Nd Asia Muhammad
Integr Med (Encinitas). 2019 Apr;18(2):42-49.
Nonalcoholic fatty liver disease (NAFLD) affects 25% of people worldwide. Patients with fatty liver disease are primarily asymptomatic. Currently, specialists are predicting that fatty liver related cirrhosis will the be leading reason for liver transplants in the next 10-20 years, displacing hepatitis C and alcohol related liver transplants. NAFLD exists on a spectrum of simple steatosis to steatosis with inflammation and different levels of fibrosis. It is currently estimated that 20% of simple steatosis patients will progress to nonalcoholic steatohepatitis (NASH). Patients with NASH are at risk for further progression to cirrhosis and hepatocellular carcinoma. There is no single factor that triggers progression from simple steatosis to NASH, however, we do know that NASH is more prevalent in patients with obesity, diabetes, and metabolic syndrome. NAFLD is thought to be the hepatic manifestation of metabolic syndrome, and is closely tied with hyperinsulinemia. Currently there are no approved FDA treatments for NAFLD. NAFLD is typically found incidentally on imaging such as abdominal ultrasound and CT. Elevations in alanine aminotransferase (ALT) may prompt the clinician to evaluate for NAFLD however ALT should not be used as a diagnostic tool. The gold standard for diagnosis of NAFLD and NASH is a liver biopsy. Only a liver biopsy can distinguish simple steatosis from NASH. In patients whom NAFLD is suspected, appropriate biochemical assessment and imaging should be evaluated. Also, the presence of fibrosis should be assessed. Weight loss and dietary modifications are currently the only recommendations provided to NAFLD patients. There is histological improvement seen in in patients whom lose 5-10% of their body weight. Certain dietary factors play a role in the development of NAFLD including excessive caloric intake and high fructose consumption. There are pharmacological treatments currently being studied as well as non-pharmacological agents. This overview focuses on evaluation, management and treatments in NAFLD.

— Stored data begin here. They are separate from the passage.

Lemma scd_step_symmetric x m C D :
    symmetric_chain m C -> {in C, forall Y, x \notin Y} -> D \in scd_step x C ->
  symmetric_chain m.+1 D.
Proof.
move=> [sortC [k le2k sizeC]] xC.
case: C sortC sizeC xC => [|X r] // sortC sizeC xC.
have /rcons_inj[card_belast card_last] :
    rcons [seq #|Y| | Y <- belast X r] #|last X r| =
    rcons (iota k (m - k.*2)) (k + (m - k.*2)).
  by rewrite -map_rcons -lastI sizeC iota_rcons.
rewrite inE => /orP[/eqP->|].
  split; first by rewrite /= rcons_path [path _ _ _]sortC subsetUr.
  exists k; first lia.
  have x_last : x \notin last X r by apply: xC; apply: mem_last.
  rewrite map_rcons sizeC cardsU1 x_last card_last.
  rewrite (_ : m.+1 - k.*2 = (m - k.*2).+1); last lia.
  by rewrite [RHS]iota_rcons add1n addnS.
case: r sortC sizeC xC card_belast {card_last} => [|Z r] // sortC sizeC xC card_belast.
rewrite inE => /eqP->; split.
  rewrite sorted_map; apply: (sub_sorted (e := le_set)) => [A B /= |]; first exact: setUS.
  by rewrite lastI in sortC; exact: (subseq_sorted le_set_trans (subseq_rcons _ _) sortC).
have size_r : size (Z :: r) = m - k.*2.
  by rewrite -(size_belast X) -(size_map (fun Y => #|Y|)) card_belast size_iota.
exists k.+1; first by rewrite /= in size_r; lia.
have -> : [seq #|Y| | Y <- [seq x |: Y | Y <- belast X (Z :: r)]] =
          [seq #|Y|.+1 | Y <- belast X (Z :: r)].
  by rewrite -map_comp; apply/eq_in_map => Y /mem_belast/xC xY /=; rewrite cardsU1 xY.
rewrite (map_comp succn (fun Y => #|Y|)) card_belast -add1n iotaDl.
by congr (map _ (iota _ _)); rewrite /= in size_r; lia.
Qed.

Lemma mem_flatten_scd s Y : uniq s -> (Y \in flatten (scd s)) = (Y \subset [set:: s]).
Proof.
by move=> uniq_s; rewrite -has_pred1 has_count count_mem_scd //; case: (_ \subset _).
Qed.

Lemma scd_symmetric s C : uniq s -> C \in scd s -> symmetric_chain (size s) C.
Proof.
elim: s C => [|x s IH] C /=.
  by rewrite inE => _ /eqP->; split=> //; exists 0; rewrite //= cards0.
case/andP=> xs uniq_s /flatten_mapP[C' C's DC'].
apply: scd_step_symmetric (IH _ uniq_s C's) _ DC' => Y YC'.
have : Y \subset [set:: s] by rewrite -mem_flatten_scd //; apply/flattenP; exists C'.
by apply: contraL => xY; apply/subsetPn; exists x; rewrite // inE.
Qed.

(* mid A is the middle member of the chain through A. *)
Lemma middle_layer_map : exists mid : {set T} -> {set T},
  (forall A, #|mid A| = #|T|./2) /\
  (forall A B, mid A = mid B -> A \subset B \/ B \subset A).
Proof.
pose L := scd (enum T); have uniq_T := enum_uniq T.
have count1 A : count_mem A (flatten L) = 1.
  rewrite count_mem_scd // (_ : [set:: enum T] = setT) ?subsetT //.
  by apply/setP => x; rewrite !inE mem_enum.
have chain_of A : exists2 C, C \in L & A \in C.
  by apply/flattenP; rewrite -has_pred1 has_count count1.
have mid_of A : exists M : {set T},
    #|M| = #|T|./2 /\ exists2 C, C \in L & (A \in C) && (M \in C).
  have [C CL AC] := chain_of A.
  have [_ [k le2k cardC]] := scd_symmetric uniq_T CL.
  have : #|T|./2 \in [seq #|Y| | Y <- C].
    by rewrite cardC cardT; apply: half_mem_iota.
  by move/mapP => [M MC cardM]; exists M; split=> //; exists C; rewrite ?AC.
have [mid mid_spec] := fin_all_exists mid_of.
exists mid; split=> [A | A B midAB]; first by case: (mid_spec A).
have [_ [CA CAL /andP[ACA MCA]]] := mid_spec A.
have [_ [CB CBL /andP[BCB MCB]]] := mid_spec B.
rewrite midAB in MCA; have eqC := count1_flatten_eq (count1 _) CAL CBL MCA MCB; subst CA.
have [sortC _] := scd_symmetric uniq_T CBL.
have [le | /ltnW le] := leqP (index A CB) (index B CB); [left | right];
  exact: (sorted_leq_index le_set_trans (@subxx _ _) sortC).
Qed.

End SymmetricChainDecomposition.

Section CliqueColoring.
Variables (T : finType) (V : {set T}) (e : rel T).

Lemma clique_leq_clique_number K : is_clique V e K -> #|K| <= clique_number V e.
Proof. exact: leq_bigmax_cond. Qed.

Lemma chromatic_number_leq f : proper_coloring V e f -> chromatic_number V e <= #|f @: V|.
Proof. exact: bigmin_leq. Qed.

Lemma clique_number_leq_chromatic_number : clique_number V e <= chromatic_number V e.
Proof.
apply/bigmax_leqP => K /andP[KV /forallP cliqueK].
apply: (big_ind (fun k => #|K| <= k)) => [||f /forallP proper_f]; first exact: max_card.
  by move=> a b Ka Kb; rewrite leq_min Ka Kb.
rewrite -(@card_in_imset _ _ f) ?subset_leq_card ?imsetS // => a b aK bK.
apply: contra_eq => neq_ab.
have adj_ab : e a b.
  by move: (cliqueK a) => /implyP/(_ aK)/forallP/(_ b)/implyP/(_ bK)/implyP; apply.
move: (proper_f a) => /implyP/(_ (subsetP KV _ aK))/forallP/(_ b).
by move=> /implyP/(_ (subsetP KV _ bK))/implyP; apply.
Qed.

Lemma clique_coloring_tight K f c :
    is_clique V e K -> proper_coloring V e f -> #|K| = c -> #|f @: V| <= c ->
  clique_number V e = c /\ chromatic_number V e = c.
Proof.
move=> K_clique f_proper card_K f_range.
have omega_le_chi := clique_number_leq_chromatic_number.
have c_le_omega := clique_leq_clique_number K_clique; rewrite card_K in c_le_omega.
have chi_le_c := leq_trans (chromatic_number_leq f_proper) f_range.
split; apply/eqP; rewrite eqn_leq.
  by rewrite c_le_omega (leq_trans omega_le_chi chi_le_c).
by rewrite chi_le_c (leq_trans c_le_omega omega_le_chi).
Qed.

End CliqueColoring.

Import GRing.Theory.
Local Open Scope ring_scope.

Lemma F2_natr_neq0 (z : 'F_2) : z = (z != 0)%:R.
Proof. by case: z => [[|[|k]] //= lt_k2]; apply: val_inj. Qed.

Section BooleanRing.
Variable n : nat.
Local Notation R := (Z2n n).
Implicit Types (a b : R) (A B : {set 'I_n}).

Definition support a : {set 'I_n} := [set i | a i != 0].
Definition indicator A : R := [ffun i => (i \in A)%:R].

Lemma indicatorK : cancel indicator support.
Proof. by move=> A; apply/setP=> i; rewrite inE ffunE; case: (i \in A); rewrite ?oner_eq0. Qed.

Lemma supportK : cancel support indicator.
Proof. by move=> a; apply/ffunP=> i; rewrite ffunE inE -F2_natr_neq0. Qed.

Lemma in_principalE a b : in_principal a b = (support a \subset support b).
Proof.
apply/existsP/subsetP => [[r /eqP ->] i|sub_ab].
  by rewrite !inE ffunE; apply: contra => /eqP->; rewrite mulr0.
exists a; apply/eqP/ffunP=> i; rewrite ffunE.
have [ai0|ai_neq0] := eqVneq (a i) 0; first by rewrite ai0 mul0r.
have := sub_ab i; rewrite !inE ai_neq0 => /(_ isT) bi_neq0.
by rewrite [b i]F2_natr_neq0 bi_neq0 mulr1.
Qed.

Lemma is_unitE a : is_unit a = (support a == setT).
Proof.
apply/existsP/eqP => [[b /eqP/ffunP ab1]|supp_a].
  apply/setP=> i; rewrite !inE; apply/negP => /eqP ai0.
  by have /eqP := ab1 i; rewrite !ffunE ai0 mul0r eq_sym oner_eq0.
exists a; apply/eqP/ffunP=> i; rewrite !ffunE.
have : i \in support a by rewrite supp_a inE.
by rewrite inE => ai_neq0; rewrite [a i]F2_natr_neq0 ai_neq0 mulr1.
Qed.

Lemma support_eq0 a : (support a == set0) = (a == 0).
Proof.
apply/eqP/eqP => [supp0|->]; last by apply/setP=> i; rewrite !inE ffunE eqxx.
by rewrite -[a]supportK supp0; apply/ffunP=> i; rewrite !ffunE inE.
Qed.

Lemma W_starE a : (a \in W_star R) = (support a != set0) && (support a != setT).
Proof. by rewrite inE is_unitE support_eq0. Qed.

Lemma cozero_adjE a b :
  cozero_adj a b =
  [&& a != b, ~~ (support a \subset support b) & ~~ (support b \subset support a)].
Proof. by rewrite /cozero_adj !in_principalE. Qed.

Lemma layer_clique k : (0 < k < n)%N ->
  exists2 K, is_clique (W_star R) (@cozero_adj R) K & #|K| = 'C(n, k).
Proof.
case/andP=> k_gt0 k_ltn; pose layer := [set A : {set 'I_n} | #|A| == k].
exists (indicator @: layer); last first.
  by rewrite card_imset ?card_draws ?card_ord //; apply: can_inj indicatorK.
apply/andP; split.
  apply/subsetP=> a /imsetP[A]; rewrite inE => /eqP cardA ->.
  rewrite W_starE indicatorK; apply/andP; split; apply: contraTneq k_ltn => suppA.
    by rewrite -cardA suppA cards0 in k_gt0.
  by rewrite -cardA suppA cardsT card_ord ltnn.
apply/forall_inP => a /imsetP[A]; rewrite inE => /eqP cardA ->.
apply/forall_inP => b /imsetP[B]; rewrite inE => /eqP cardB ->.
apply/implyP => neq_AB; rewrite cozero_adjE neq_AB !indicatorK /=.
have {}neq_AB : A != B by apply: contra_neq neq_AB => ->.
apply/andP; split; apply: contra neq_AB => sub; last rewrite eq_sym.
all: by rewrite eqEcard sub cardA cardB leqnn.
Qed.

Lemma chain_coloring (mid : {set 'I_n} -> {set 'I_n}) k :
    (forall A, #|mid A| = k) ->
    (forall A B, mid A = mid B -> A \subset B \/ B \subset A) ->
  exists2 f, proper_coloring (W_star R) (@cozero_adj R) f & (#|f @: W_star R| <= 'C(n, k))%N.
Proof.
move=> card_mid mid_cmp; pose layer := [set A : {set 'I_n} | #|A| == k].
have <- : #|layer| = 'C(n, k) by rewrite card_draws card_ord.
pose color A : 'I_#|R| := enum_rank (indicator A).
exists [ffun a => color (mid (support a))].
  apply/forall_inP => a _; apply/forall_inP => b _; apply/implyP.
  rewrite cozero_adjE !ffunE (inj_eq enum_rank_inj) (can_eq indicatorK).
  by case/and3P=> _ nab nba; apply/eqP => /mid_cmp[]; apply/negP.
apply: leq_trans (leq_imset_card color layer).
apply/subset_leq_card/subsetP => _ /imsetP[a _ ->]; rewrite ffunE.
by apply/imsetP; exists (mid (support a)); rewrite // inE card_mid.
Qed.

End BooleanRing.

Theorem lemma2p5 (n : nat) (hn : (2 <= n)%N) :
  clique_number (W_star (Z2n n)) (@cozero_adj (Z2n n)) = 'C(n, n./2) /\
  chromatic_number (W_star (Z2n n)) (@cozero_adj (Z2n n)) = 'C(n, n./2).
Proof.
have half_bounds : (0 < n./2 < n)%N.
  by have := odd_double_half n; rewrite -!muln2; case: (odd n) => /=; lia.
have [K K_clique card_K] := layer_clique half_bounds.
have [mid [card_mid mid_cmp]] := middle_layer_map 'I_n; rewrite card_ord in card_mid.
have [f f_proper f_range] := chain_coloring card_mid mid_cmp.
exact: clique_coloring_tight K_clique f_proper card_K f_range.
Qed.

非酒精性脂肪性肝病(NAFLD)影响着全球25%的人口。患有脂肪性肝病的患者大多没有症状。目前,专家预测,在未来10至20年内,与脂肪肝相关的肝硬化将成为肝脏移植的主要原因,取代丙型肝炎和酒精性肝病导致的肝脏移植。NAFLD涵盖了从单纯性脂肪变性到伴有炎症和不同程度纤维化的脂肪变性这一范围。目前估计,20%的单纯性脂肪变性患者会进展为非酒精性脂肪性肝炎(NASH)。患有NASH的患者有进一步发展为肝硬化和肝细胞癌的风险。没有单一因素会触发从单纯性脂肪变性进展为NASH,不过,我们确实知道NASH在肥胖、糖尿病和代谢综合征患者中更为普遍。NAFLD被认为是代谢综合征的肝脏表现,并且与高胰岛素血症密切相关。目前美国食品药品监督管理局(FDA)尚未批准用于治疗NAFLD的药物。NAFLD通常在腹部超声和CT等影像学检查中偶然发现。丙氨酸氨基转移酶(ALT)升高可能促使临床医生对NAFLD进行评估,然而ALT不应被用作诊断工具。NAFLD和NASH诊断的金标准是肝活检。只有肝活检才能区分单纯性脂肪变性和NASH。对于疑似患有NAFLD的患者,应进行适当的生化评估和影像学检查。此外,还应评估纤维化的存在情况。目前针对NAFLD患者的唯一建议是减重和饮食调整。体重减轻5%至10%的患者在组织学上有改善。某些饮食因素在NAFLD的发展中起作用,包括热量摄入过多和高果糖消耗。目前也在研究药物治疗以及非药物治疗手段。本综述重点关注NAFLD的评估、管理和治疗。